The use of rotating polygon scanning mirrors in laser printers to provide a beam sweep or scan of the image of a modulated light source across a photoresisted medium, such as a rotating drum, is well known. More recently, there have been efforts to use a much less expensive flat member with a single reflective surface, such as a MEMS resonant oscillating mirror to provide the scanning beam. Other devices using resonant oscillating members, other than mirrors, may also benefit from this invention. These torsional hinged resonant scanning devices provide excellent performance at a very advantageous cost. However, every new technology has its own set of problems and resonant torsional hinged devices, such as mirrors, are no exception.

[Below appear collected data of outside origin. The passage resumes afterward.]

Lemma cross_hom_pivot lam : bv != 0 -> lam \in unitmx -> cross_hom lam ->
  exists f, [/\ bijective f, forall i j, (Ablk lam i j != 0) = (i == f j)
              & forall j, \det (Ablk lam (f j) j) = 1].
Proof.
move=> bv_neq0 U hom; have /fin_all_exists [f pivot] : forall j, exists i0,
    \det (Ablk lam i0 j) = 1 /\ forall i, i != i0 -> Ablk lam i j = 0.
  by move=> j; case: (cross_hom_col j bv_neq0 U hom).
have Af i j : (Ablk lam i j != 0) = (i == f j).
  have [->|ne] := eqVneq i (f j); last by case: (pivot j) => _ -> //; rewrite eqxx.
  case: (pivot j) => det1 _; apply/negP => /eqP A0.
  by move: det1; rewrite A0 det0 => /eqP; rewrite eq_sym oner_eq0.
exists f; split => // [|j]; last by case: (pivot j).
apply: surj_bij => i; have [j] := cross_hom_row bv_neq0 U hom i.
by rewrite Af => /eqP ->; exists j.
Qed.

Lemma cross_hom_Dbig lam : bv != 0 -> lam \in unitmx -> cross_hom lam -> Dbig lam \in unitmx.
Proof.
move=> bv_neq0 U hom; have C0 := cross_hom_Cblk bv_neq0 U hom.
have DD : Dbig lam *m Dbig (invmx lam) = 1%:M by rewrite -Dbig_mulmx // mulmxV // Dbig1.
exact: (mulmx1_unit DD).1.
Qed.

Section Pivot.

Variables (lam : M) (f : 'I_b -> 'I_b).
Hypotheses (C0 : forall i j, Cblk lam i j = 0) (Aoff : forall i j, i != f j -> Ablk lam i j = 0).

Lemma blockA_mulmx_pivot x j : blockA (x *m lam) j = blockA x (f j) *m Ablk lam (f j) j.
Proof.
rewrite blockA_mulmx (bigD1 (f j)) //= big1 => [|i ne]; first by rewrite C0 mulmx0 !addr0.
by rewrite Aoff // C0 !mulmx0 addr0.
Qed.

Lemma omega_mulmx_pivot x y :
  \row_j omega (x *m lam) (y *m lam) j = \row_j omega x y j *m Adet lam.
Proof.
apply/rowP => j; rewrite !mxE omega_det !blockA_mulmx_pivot -mul_col_mx det_mulmx -omega_det.
rewrite (bigD1 (f j)) //= big1 ?addr0 => [|i ne]; first by rewrite !mxE.
by rewrite !mxE Aoff // det0 mulr0.
Qed.

Lemma unitmx_pivot : (forall j, Ablk lam (f j) j \in unitmx) -> bijective f ->
  Dbig lam \in unitmx -> lam \in unitmx.
Proof.
move=> A_unit [g fK gK] D_unit; rewrite -row_free_unit; apply/inj_row_free => x x_lam0.
have xA0 i : blockA x i = 0.
  rewrite -(gK i); apply: (can_inj (mulmxK (A_unit (g i)))).
  by rewrite -blockA_mulmx_pivot x_lam0 mul0mx; apply/rowP => a; rewrite blockAE !mxE.
have xD0 : partD x = 0.
  apply: (can_inj (mulmxK D_unit)); rewrite -partD_mulmx // x_lam0 mul0mx.
  by apply/rowP => q; case/mxvec_indexP: q => j c; rewrite mxvecE !mxE.
exact: blocks_eq0.
Qed.

End Pivot.

End Cross.

Theorem theorem5 (t b : nat) (ht : (1 <= t)%N) (hb : (1 <= b)%N)
  (bv : 'rV['F_2]_t) (hbv : bv != 0) (lam : 'M['F_2]_(b * (2 + t))) :
  in_H bv lam <->
  [/\ (* (1) *)
      [/\ (forall i : 'I_b, exists! j : 'I_b, Ablk lam i j != 0),
          (forall j : 'I_b, exists! i : 'I_b, Ablk lam i j != 0)
        & (forall i j : 'I_b, Ablk lam i j != 0 -> Ablk lam i j \in unitmx)],
      (* (2) B_ij arbitrary: no condition; (3) *)
      (forall i j : 'I_b, Cblk lam i j = 0),
      (* (4) *)
      (forall i j : 'I_b,
          (Ablk lam i j = 0 -> bv *m Dblk lam i j = 0) /\
          (Ablk lam i j \in unitmx -> bv *m Dblk lam i j = bv))
    & Dbig lam \in unitmx].
Proof.
pose nz i j := Ablk lam i j != 0.
split => [/in_H_cross [U hom] | [[rows cols A_unit] C0 D_cond D_unit]].
- have [f [f_bij Af det1]] := cross_hom_pivot hbv U hom.
  have A_unit i j : Ablk lam i j != 0 -> Ablk lam i j \in unitmx.
    by rewrite Af unitmx_F2 => /eqP ->; rewrite det1.
  have [rows cols] := (exists_unique_bijP nz).2 (ex_intro2 _ _ f f_bij Af).
  have [/cross_basis_mulmx bvD _] := (cross_homP lam hbv).1 hom.
  split; [by [] | exact: cross_hom_Cblk hbv U hom | move=> i j | exact: cross_hom_Dbig hbv U hom].
  by apply/det_scaleP; [apply: A_unit | case: (bvD i j)].
- have [f f_bij Af] := (exists_unique_bijP nz).1 (conj rows cols); rewrite /nz in Af.
  have Aoff i j : i != f j -> Ablk lam i j = 0 by rewrite -[_ == _]Af => /negPn/eqP.
  apply/in_H_cross; split.
    by apply: (unitmx_pivot C0 Aoff) => // j; apply: A_unit; rewrite Af.
  apply/(cross_homP lam hbv); split; last exact: omega_mulmx_pivot C0 Aoff.
  apply/cross_basis_mulmx => i j; rewrite C0 mulmx0; split => //.
  by apply/det_scaleP; [apply: A_unit | apply: D_cond].
Qed.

As an example, inertially driven torsional hinged resonant devices made of silicon exhibit unusually high mechanical gain. Further, such resonant devices can readily be driven inertially through the support or anchor regions. However, as will be appreciated by those skilled in the art, the power required to drive the device to a required angular position is a function of the stiffness of the torsional hinges at the anchor regions that support the device and stiffness of the anchor region. Therefore, as customers demand larger mirrors or other oscillating devices with higher and higher resonant frequencies, the torsional hinges must be made stiffer. Typically, the greatest portion of the actuator or drive power is used to bend the anchor regions to provide the rotational motion at the hinge attachment regions of the anchor. Since a favored source of power for an inertial drive is a piezoelectric element, it will be appreciated that as greater drive power is required, greater drive voltages are also required to drive the piezoelectric element. For battery powered applications, such high voltage requirements are a problem.
Therefore, method and structures that facilitate the use of high frequency large resonant devices with a large angular movement without a corresponding increase in drive power would be advantageous.
As will also be appreciated, the resonant frequency of such an oscillating device cannot be precisely set by manufacturing methods. Consequently, a method of adjusting the resonant frequency would be a significant improvement and would improve yield.